**Action item:** From the listing below, copy only the lines running from the line that contains "move=> y /mapP[x];" to the line that contains "have -> : k", both included.

**Materials provided:**
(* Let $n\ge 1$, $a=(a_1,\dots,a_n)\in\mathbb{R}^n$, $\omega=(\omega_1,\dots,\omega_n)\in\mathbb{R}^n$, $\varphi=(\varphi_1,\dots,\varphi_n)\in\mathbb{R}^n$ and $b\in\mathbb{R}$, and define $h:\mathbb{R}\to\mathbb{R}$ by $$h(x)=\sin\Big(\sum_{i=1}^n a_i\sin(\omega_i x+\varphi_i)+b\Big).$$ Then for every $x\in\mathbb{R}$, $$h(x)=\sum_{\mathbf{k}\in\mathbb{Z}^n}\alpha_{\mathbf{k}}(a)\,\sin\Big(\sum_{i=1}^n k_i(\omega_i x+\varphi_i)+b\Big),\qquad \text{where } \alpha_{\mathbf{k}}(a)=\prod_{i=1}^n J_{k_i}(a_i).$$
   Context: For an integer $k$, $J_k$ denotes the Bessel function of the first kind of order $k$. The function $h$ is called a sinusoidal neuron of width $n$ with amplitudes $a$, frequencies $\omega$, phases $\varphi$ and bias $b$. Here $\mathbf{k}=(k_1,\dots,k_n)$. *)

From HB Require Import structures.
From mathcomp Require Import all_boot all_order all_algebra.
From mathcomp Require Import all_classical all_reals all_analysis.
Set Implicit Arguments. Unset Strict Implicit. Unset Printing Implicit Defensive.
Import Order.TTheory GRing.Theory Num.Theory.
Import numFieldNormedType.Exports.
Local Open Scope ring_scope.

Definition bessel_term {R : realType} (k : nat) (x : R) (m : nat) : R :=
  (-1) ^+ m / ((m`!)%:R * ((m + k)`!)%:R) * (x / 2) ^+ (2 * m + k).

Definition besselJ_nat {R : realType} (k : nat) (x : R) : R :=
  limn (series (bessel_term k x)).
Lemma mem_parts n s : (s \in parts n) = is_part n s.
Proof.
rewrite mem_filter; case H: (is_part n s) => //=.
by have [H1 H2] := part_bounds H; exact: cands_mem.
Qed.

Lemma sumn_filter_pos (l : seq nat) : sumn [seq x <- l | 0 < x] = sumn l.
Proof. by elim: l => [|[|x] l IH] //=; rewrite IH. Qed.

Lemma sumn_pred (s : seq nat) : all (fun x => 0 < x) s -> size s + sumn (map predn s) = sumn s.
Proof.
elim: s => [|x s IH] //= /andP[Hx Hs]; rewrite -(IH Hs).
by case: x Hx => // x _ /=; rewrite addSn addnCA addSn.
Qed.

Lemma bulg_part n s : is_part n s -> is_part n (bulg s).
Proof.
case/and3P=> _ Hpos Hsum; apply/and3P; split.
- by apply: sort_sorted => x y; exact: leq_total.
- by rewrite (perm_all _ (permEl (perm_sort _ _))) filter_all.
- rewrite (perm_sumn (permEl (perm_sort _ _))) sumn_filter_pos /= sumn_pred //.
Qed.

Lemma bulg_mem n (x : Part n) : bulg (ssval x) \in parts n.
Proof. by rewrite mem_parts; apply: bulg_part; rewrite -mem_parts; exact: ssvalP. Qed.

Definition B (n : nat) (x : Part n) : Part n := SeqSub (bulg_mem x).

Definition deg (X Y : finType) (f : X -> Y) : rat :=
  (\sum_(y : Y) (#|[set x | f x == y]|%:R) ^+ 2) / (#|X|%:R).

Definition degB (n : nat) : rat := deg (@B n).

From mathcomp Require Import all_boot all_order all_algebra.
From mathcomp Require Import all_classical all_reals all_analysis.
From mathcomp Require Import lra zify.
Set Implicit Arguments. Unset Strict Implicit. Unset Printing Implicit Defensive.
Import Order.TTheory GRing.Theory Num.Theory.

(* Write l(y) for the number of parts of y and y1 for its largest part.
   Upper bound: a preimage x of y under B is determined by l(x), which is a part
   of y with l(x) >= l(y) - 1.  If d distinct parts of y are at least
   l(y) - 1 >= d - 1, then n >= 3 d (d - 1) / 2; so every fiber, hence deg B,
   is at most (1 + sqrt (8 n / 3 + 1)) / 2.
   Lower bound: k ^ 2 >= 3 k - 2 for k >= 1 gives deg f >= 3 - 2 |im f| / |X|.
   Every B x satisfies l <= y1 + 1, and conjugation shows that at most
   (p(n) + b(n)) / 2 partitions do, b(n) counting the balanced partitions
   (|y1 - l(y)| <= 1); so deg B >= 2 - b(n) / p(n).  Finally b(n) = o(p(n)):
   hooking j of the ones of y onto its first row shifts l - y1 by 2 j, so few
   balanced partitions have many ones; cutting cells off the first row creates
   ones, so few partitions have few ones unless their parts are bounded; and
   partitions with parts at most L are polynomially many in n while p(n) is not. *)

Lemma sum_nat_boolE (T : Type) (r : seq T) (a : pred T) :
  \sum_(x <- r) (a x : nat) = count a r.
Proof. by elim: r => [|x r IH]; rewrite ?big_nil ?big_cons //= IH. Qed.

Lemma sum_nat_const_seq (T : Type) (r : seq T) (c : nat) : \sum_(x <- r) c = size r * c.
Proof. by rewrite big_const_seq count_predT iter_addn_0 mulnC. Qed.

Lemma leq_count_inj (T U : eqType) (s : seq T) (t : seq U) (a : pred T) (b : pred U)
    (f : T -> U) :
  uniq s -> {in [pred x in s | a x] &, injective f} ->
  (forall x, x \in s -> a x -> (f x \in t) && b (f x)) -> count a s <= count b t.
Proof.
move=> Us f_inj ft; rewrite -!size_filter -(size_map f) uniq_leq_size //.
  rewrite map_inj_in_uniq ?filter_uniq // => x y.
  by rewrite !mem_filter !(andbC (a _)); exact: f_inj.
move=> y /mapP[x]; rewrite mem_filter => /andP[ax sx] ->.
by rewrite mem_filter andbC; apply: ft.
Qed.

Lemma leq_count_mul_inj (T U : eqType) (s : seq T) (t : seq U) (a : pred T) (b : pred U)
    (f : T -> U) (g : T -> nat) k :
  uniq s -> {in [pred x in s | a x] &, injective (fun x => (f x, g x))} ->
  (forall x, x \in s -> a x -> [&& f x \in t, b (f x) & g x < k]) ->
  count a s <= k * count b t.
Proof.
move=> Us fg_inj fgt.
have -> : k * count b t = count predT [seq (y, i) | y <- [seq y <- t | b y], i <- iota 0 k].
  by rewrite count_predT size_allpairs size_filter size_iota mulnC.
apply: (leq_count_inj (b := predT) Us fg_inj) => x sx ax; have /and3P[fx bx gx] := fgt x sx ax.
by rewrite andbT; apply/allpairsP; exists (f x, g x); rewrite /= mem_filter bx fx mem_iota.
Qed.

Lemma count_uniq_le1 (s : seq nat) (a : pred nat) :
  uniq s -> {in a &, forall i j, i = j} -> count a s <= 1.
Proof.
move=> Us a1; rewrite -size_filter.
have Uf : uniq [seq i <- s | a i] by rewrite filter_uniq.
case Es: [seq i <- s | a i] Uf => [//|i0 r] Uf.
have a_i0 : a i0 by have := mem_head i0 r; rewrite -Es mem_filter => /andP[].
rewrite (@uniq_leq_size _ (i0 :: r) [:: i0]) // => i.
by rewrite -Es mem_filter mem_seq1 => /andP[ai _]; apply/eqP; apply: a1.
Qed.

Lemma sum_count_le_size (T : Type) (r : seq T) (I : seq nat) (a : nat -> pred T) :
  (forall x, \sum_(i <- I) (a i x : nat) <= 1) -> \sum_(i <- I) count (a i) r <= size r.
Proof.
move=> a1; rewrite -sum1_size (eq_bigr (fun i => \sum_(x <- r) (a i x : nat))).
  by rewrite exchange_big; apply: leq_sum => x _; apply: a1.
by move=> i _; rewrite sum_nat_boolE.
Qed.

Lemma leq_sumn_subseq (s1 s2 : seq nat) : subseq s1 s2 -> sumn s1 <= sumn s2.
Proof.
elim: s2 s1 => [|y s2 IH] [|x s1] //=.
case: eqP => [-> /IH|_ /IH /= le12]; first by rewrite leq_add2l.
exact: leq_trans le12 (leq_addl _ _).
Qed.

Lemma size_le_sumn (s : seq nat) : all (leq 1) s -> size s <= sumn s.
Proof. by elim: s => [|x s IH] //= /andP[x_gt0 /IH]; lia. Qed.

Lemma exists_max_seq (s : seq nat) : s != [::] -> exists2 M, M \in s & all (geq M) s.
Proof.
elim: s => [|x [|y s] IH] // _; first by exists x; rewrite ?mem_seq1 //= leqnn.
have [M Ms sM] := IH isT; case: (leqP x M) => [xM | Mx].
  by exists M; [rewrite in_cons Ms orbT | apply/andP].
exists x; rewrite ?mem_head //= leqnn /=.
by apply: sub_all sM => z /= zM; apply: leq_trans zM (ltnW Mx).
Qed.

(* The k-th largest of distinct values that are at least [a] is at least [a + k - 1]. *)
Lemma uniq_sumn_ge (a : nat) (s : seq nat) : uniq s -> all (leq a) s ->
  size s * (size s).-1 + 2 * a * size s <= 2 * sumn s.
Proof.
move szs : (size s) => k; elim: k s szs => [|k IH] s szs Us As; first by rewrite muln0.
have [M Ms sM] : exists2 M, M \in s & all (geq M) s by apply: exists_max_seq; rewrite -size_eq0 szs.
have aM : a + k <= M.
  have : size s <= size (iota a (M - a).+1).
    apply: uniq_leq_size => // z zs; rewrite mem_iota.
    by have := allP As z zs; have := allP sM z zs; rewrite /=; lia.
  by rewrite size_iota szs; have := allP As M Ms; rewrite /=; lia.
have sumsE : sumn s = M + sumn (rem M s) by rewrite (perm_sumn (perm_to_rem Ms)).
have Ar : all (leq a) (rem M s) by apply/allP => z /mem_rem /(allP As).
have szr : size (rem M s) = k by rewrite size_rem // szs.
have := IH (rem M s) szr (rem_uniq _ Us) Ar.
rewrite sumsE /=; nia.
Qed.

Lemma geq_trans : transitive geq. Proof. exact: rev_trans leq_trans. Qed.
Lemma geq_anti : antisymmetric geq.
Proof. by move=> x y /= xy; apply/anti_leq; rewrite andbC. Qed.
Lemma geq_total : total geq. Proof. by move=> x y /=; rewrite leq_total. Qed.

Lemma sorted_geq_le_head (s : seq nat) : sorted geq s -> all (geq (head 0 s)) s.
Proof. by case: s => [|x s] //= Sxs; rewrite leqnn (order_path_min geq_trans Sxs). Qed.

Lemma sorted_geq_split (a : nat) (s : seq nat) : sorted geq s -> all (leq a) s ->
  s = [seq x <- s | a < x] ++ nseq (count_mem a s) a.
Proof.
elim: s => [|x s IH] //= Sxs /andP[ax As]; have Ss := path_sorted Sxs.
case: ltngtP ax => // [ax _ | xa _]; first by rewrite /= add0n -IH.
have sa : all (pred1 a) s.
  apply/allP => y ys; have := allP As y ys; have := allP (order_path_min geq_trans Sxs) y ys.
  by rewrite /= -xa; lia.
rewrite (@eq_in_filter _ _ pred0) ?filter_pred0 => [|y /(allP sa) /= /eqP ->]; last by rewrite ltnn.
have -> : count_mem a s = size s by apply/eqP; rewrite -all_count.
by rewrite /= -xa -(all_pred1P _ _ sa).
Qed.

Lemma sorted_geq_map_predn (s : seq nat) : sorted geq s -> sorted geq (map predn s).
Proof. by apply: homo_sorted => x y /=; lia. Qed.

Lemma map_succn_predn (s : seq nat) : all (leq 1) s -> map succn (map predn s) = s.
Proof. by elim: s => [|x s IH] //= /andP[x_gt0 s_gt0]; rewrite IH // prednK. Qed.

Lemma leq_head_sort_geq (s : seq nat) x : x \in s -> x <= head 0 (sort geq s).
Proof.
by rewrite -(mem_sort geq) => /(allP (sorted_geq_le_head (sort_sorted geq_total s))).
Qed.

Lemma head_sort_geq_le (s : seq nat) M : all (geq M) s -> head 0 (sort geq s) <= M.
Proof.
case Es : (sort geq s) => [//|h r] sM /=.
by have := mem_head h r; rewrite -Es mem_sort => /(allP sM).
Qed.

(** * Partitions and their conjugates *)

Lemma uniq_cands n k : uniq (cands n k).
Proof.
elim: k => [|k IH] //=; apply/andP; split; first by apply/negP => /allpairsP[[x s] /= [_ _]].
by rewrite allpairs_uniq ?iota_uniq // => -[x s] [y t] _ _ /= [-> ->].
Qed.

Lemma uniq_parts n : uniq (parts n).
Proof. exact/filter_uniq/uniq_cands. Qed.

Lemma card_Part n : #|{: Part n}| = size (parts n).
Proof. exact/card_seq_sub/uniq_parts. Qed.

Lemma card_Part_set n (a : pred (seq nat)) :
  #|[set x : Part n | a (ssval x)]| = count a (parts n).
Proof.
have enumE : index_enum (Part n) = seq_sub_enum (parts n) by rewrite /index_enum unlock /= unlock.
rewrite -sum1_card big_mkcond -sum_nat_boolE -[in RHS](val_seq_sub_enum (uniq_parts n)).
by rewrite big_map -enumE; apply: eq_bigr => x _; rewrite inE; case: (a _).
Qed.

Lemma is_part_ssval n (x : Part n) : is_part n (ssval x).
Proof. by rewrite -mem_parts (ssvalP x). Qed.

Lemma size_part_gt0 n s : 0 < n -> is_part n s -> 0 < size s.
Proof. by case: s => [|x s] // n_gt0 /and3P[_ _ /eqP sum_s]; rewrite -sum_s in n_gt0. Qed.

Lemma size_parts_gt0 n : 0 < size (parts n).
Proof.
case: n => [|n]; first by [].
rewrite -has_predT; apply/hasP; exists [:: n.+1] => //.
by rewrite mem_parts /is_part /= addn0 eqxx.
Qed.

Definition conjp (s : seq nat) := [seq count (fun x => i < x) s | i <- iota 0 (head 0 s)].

**Finished exercise:**
move=> y /mapP[x]; rewrite mem_filter => /andP[ax sx] ->.
by rewrite mem_filter andbC; apply: ft.
Qed.

Lemma leq_count_mul_inj (T U : eqType) (s : seq T) (t : seq U) (a : pred T) (b : pred U)
    (f : T -> U) (g : T -> nat) k :
  uniq s -> {in [pred x in s | a x] &, injective (fun x => (f x, g x))} ->
  (forall x, x \in s -> a x -> [&& f x \in t, b (f x) & g x < k]) ->
  count a s <= k * count b t.
Proof.
move=> Us fg_inj fgt.
have -> : k * count b t = count predT [seq (y, i) | y <- [seq y <- t | b y], i <- iota 0 k].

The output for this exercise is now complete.